Q&A with Professor of Built Environment Visualisation, Richard Laing

Q&A with Professor of Built Environment Visualisation, Richard Laing, whose research concentrates on the subject of visualisation and its use within public evaluation of open space, built heritage and urban design.

Richard Laing 2015

  • Can you tell us a bit about your work / research relating to smart cities?

Over a period of many years, we have been involved in research which has considered how computers, visualisation and IT might affect the ways in which we plan, design, use and interact within cities. This has included the use of computer games, online collaboration and the involvement of communities in our work, with the most recent work concerning mobility in Aberdeen and the Shire. The rapid development of technology to assist people to have a higher quality of life is exciting, and might signal a future which is brighter.

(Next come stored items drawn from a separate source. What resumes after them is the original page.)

Definition jprod k (X Y : hK k) : hK k := fromM k (jmul k (toM X) (toM Y)).
Definition htr k (X : hK k) : R := mtr (toM X).
Definition hinner k (X Y : hK k) : R := htr (jprod X Y).

Definition hdet k (X : hK k) : R :=
  let X2 := jprod X X in let X3 := jprod X X2 in
  htr X3 / 3%:R - htr X2 * htr X / 2%:R + htr X ^+ 3 / 6%:R.

(* the unique symmetric trilinear form N with N(X,X,X) = det X (polarization) *)
Definition hN k (X Y Z : hK k) : R :=
  (hdet (X + Y + Z) - hdet (X + Y) - hdet (X + Z) - hdet (Y + Z)
   + hdet X + hdet Y + hdet Z) / 6%:R.

Definition bullet k (X Y : hK k) : hK k :=
  epsilon (inhabits 0) (fun W => forall Z : hK k, hinner W Z = 3%:R * hN X Y Z).

End Albert.

From Stdlib Require Import QArith Qreduction Ring_polynom BinList.
From Stdlib Require Import ClassicalEpsilon FunctionalExtensionality.
From HB Require Import structures.
From mathcomp Require Import all_boot all_order all_algebra.
From mathcomp.algebra_tactics Require common.
Import Order.TTheory GRing.Theory Num.Theory.
Set Implicit Arguments. Unset Strict Implicit. Unset Printing Implicit Defensive.
Close Scope Q_scope.

(* Proof by certified symbolic computation.

   Once the Freudenthal product (defined through a choice operator)
   is known to be given by the explicit formula
     X • Y = X o Y - 1/2 (tr X) Y - 1/2 (tr Y) X + 1/2 (tr X tr Y - <X,Y>) I,
   both trace identities are polynomial identities in the real coordinates of
   X, Y, Z, T (the traces being computed in the standard basis).  So are the
   two facts identifying X • Y with the formula: <formula(X,Y), Z> = 3 N(X,Y,Z),
   and <W, e_j> = c_j W_j with c_j in {1, 2}, which makes <.,.> nondegenerate.
   For each K = R, C, H, O (k = 0..3) these four identities are decided by
   computing normal forms of polynomials with rational coefficients. *)

Definition qadd (a b : Q) : Q := Qred (Qplus a b).
Definition qsub (a b : Q) : Q := Qred (Qminus a b).
Definition qmul (a b : Q) : Q := Qred (Qmult a b).
Definition qzero : Q := Qmake 0 1.
Definition qone : Q := Qmake 1 1.
Lemma continuous_Rmax_l c x : continuous (fun y => Rmax c y) x.
Proof.
  apply (continuous_ext (fun y => (c + y + Rabs (y - c)) / 2)).
  - intros y. unfold Rmax. destruct (Rle_dec c y).
    + rewrite Rabs_right by lra. lra.
    + rewrite Rabs_left by lra. lra.
  - apply (continuous_Rmult (fun y => c + y + Rabs (y - c)) (fun _ => / 2));
      [|apply continuous_const].
    apply (continuous_Rplus (fun y => c + y) (fun y => Rabs (y - c))).
    + apply (continuous_Rplus (fun _ => c) (fun y => y));
        [apply continuous_const|apply continuous_id].
    + apply (continuous_Rabs_comp (fun y => y - c)).
      apply (continuous_Rplus (fun y => y) (fun _ => - c));
        [apply continuous_id|apply continuous_const].
Qed.

(* The supremum of the [t] such that [P] holds on [[t0, t)] would violate the step hypothesis. *)
Lemma real_induction (P : R -> Prop) (t0 : R) :
  (forall t, t0 <= t -> (forall y, t0 <= y < t -> P y) ->
     exists h, 0 < h /\ forall y, t <= y < t + h -> P y) ->
  forall t, t0 <= t -> P t.
Proof.
  intros Hstep t1 Ht1. apply NNPP. intros Hbad.
  set (E := fun x => t0 <= x /\ forall y, t0 <= y < x -> P y).
  assert (Hb : bound E).
  { exists t1. intros x [Hx HP]. apply Rnot_lt_le. intros Hlt. apply Hbad, HP. lra. }
  assert (He : exists x, E x) by (exists t0; split; [lra|intros y Hy; lra]).
  destruct (completeness E Hb He) as [ts [Hub Hlub]].
  assert (Hts : t0 <= ts) by (apply Hub; split; [lra|intros y Hy; lra]).
  assert (Hbelow : forall y, t0 <= y < ts -> P y).
  { intros y Hy. apply NNPP. intros HPy.
    enough (ts <= y) by lra. apply Hlub. intros x [Hx HP].
    apply Rnot_lt_le. intros Hlt. apply HPy, HP. lra. }
  destruct (Hstep ts Hts Hbelow) as [h [Hh HP]].
  enough (E (ts + h)) by (pose proof (Hub _ H); lra).
  split; [lra|]. intros y Hy. destruct (Rlt_le_dec y ts); [apply Hbelow|apply HP]; lra.
Qed.

Lemma nonneg_no_uniform_descent (U : R -> R) (t0 c : R) : 0 < c ->
  (forall t, t0 <= t -> 0 <= U t) ->
  (forall t, t0 <= t -> exists t', t0 <= t' /\ U t' <= U t - c) -> False.
Proof.
  intros Hc Hpos Hdesc.
  assert (Hiter : forall n : nat, exists t, t0 <= t /\ U t <= U t0 - INR n * c).
  { induction n as [|n [t [Ht HUt]]].
    - exists t0. simpl. lra.
    - destruct (Hdesc t Ht) as [t' [Ht' HUt']]. exists t'. rewrite S_INR. lra. }
  assert (HU0 : 0 <= U t0) by (apply Hpos; lra).
  destruct (archimed (U t0 / c)) as [Hup _].
  assert (Hpos_up : (0 < up (U t0 / c))%Z).
  { apply lt_IZR. assert (0 <= U t0 / c) by (apply Rdiv_le_0_compat; lra). lra. }
  destruct (Hiter (Z.to_nat (up (U t0 / c)))) as [t [Ht HUt]].
  rewrite INR_IZR_INZ, Z2Nat.id in HUt by lia.
  assert (U t0 < IZR (up (U t0 / c)) * c).
  { replace (U t0) with (U t0 / c * c) at 1 by (field; lra). apply Rmult_lt_compat_r; lra. }
  pose proof (Hpos t Ht). lra.
Qed.
Lemma cond_sum_agree {Y Z} (L : list ((Y -> R) * (Z -> Prop))) y z z' :
  agree (map snd L) z z' -> cond_sum L y z = cond_sum L y z'.
Proof.
  induction L as [|p L IH]; intros Hzz'; simpl; [reflexivity|].
  rewrite (indic_eq_iff (snd p) z z'), IH; [reflexivity| |].
  - intros E HE; apply Hzz'; right; exact HE.
  - apply Hzz'; left; reflexivity.
Qed.

(* [LU] lists the pairs [(u_i, B_i)] of generators [u_i(y) I_{B_i}(x)] of
   [A_{1->2}], and [LV] the pairs [(v_j, C_j)] of generators of [A_{2->1}]. *)
Definition dominates_tensor_sum {X1 X2} (D1 : (X1 -> R) -> Prop) (D2 : (X2 -> R) -> Prop)
  (g : X1 * X2 -> R) : Prop :=
  exists LU LV, (forall p, In p LU -> D2 (fst p)) /\ (forall p, In p LV -> D1 (fst p)) /\
    forall a b, cond_sum LU b a + cond_sum LV a b <= g (a, b).

Lemma Dprod_dominates {X1 X2} Bs1 Bs2 (D1 : (X1 -> R) -> Prop) (D2 : (X2 -> R) -> Prop)
  (HD1 : coherent_D D1) (HD2 : coherent_D D2) g :
  Dprod Bs1 Bs2 D1 D2 g -> dominates_tensor_sum D1 D2 g.
Proof.
  apply posi_incl.
  - intros g1 g2 [LU1 [LV1 [HU1 [HV1 Hg1]]]] [LU2 [LV2 [HU2 [HV2 Hg2]]]].
    exists (LU1 ++ LU2), (LV1 ++ LV2); split; [|split].
    + intros p Hp; apply in_app_iff in Hp as [Hp|Hp]; auto.
    + intros p Hp; apply in_app_iff in Hp as [Hp|Hp]; auto.
    + intros a b; rewrite !cond_sum_app; specialize (Hg1 a b); specialize (Hg2 a b); simpl; lra.
  - intros g' c [LU [LV [HU [HV Hg]]]] Hc.
    exists (map (fun p => (fun y => c * fst p y, snd p)) LU),
      (map (fun p => (fun x => c * fst p x, snd p)) LV); split; [|split].
    + intros p Hp; apply in_map_iff in Hp as [q [<- Hq]]; simpl; apply desirable_scale; auto.
    + intros p Hp; apply in_map_iff in Hp as [q [<- Hq]]; simpl; apply desirable_scale; auto.
    + intros a b; rewrite !cond_sum_scale, <- Rmult_plus_distr_l.
      apply Rmult_le_compat_l; [lra|apply Hg].
  - intros g' [[[f2 [B1 [Hf2 [_ ->]]]]|[f1 [B2 [Hf1 [_ ->]]]]]|[_ [Hpos _]]].
    + exists ((f2, B1) :: nil), nil; split; [|split]; [|intros p []|].
      * intros p [<-|[]]; exact Hf2.
      * intros a b; simpl; lra.
    + exists nil, ((f1, B2) :: nil); split; [|split]; [intros p []| |].
      * intros p [<-|[]]; exact Hf1.
      * intros a b; simpl; lra.
    + exists nil, nil; split; [|split]; [intros p []|intros p []|].
      intros a b; simpl; rewrite Rplus_0_r; apply Hpos.
Qed.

  • What kind of impact could this have locally and how could the general public benefit?

Within Aberdeen, we have already seen the rollout of sophisticated and highly effective methods of improving traffic flow, which in turn reduces emissions and pollution. In the coming years, we will see this extending to the generation and use of energy across the city, and the general public will be much more able to monitor, control and influence how this might be of benefit to them personally. Smart cities are maybe facilitated by technology, and the overall aim is to improve quality of life.


  • How is technology shaping the future of architecture and the built environment?

The ways in which we design and use buildings and towns are already heavily influenced by technology, including the use of sensors and responsive technology in terms of energy, intelligent transport, buildings which can be flexible for different uses and communication. The advent of driverless vehicles will bring challenges in terms of road congestion, but could also bring real opportunities in terms of access. The potential impact of such technology on how we live, work and play is becoming apparent, and will form a major strand of our applied research in the coming years.


  • Are there any negative implications? Could new technology replace human jobs?

Yes. However, we should not presume that technology will herald a dystopian 'Blade Runner' future. Whilst it is likely that robotics will lead to the displacement of some tasks - we are already seeing this in terms of offsite manufacture - this is not new. For example, my Uncle Sam was a highly skilled typesetter, with his abilities in demand in newspapers from Vancouver to Scotland. Digital technology has over time meant that manual typesetting is now largely undertaken using computers, but this simply meant that Sam's main skills - visual arrangement and visual design - became even more important. Technology will help us to automate repetitive tasks, but the human mind and creativity - in all senses of the word - will always be needed.


Professor Laing is Research Strategic Lead at RGU’s Scott Sutherland School of Architecture and Built Environment.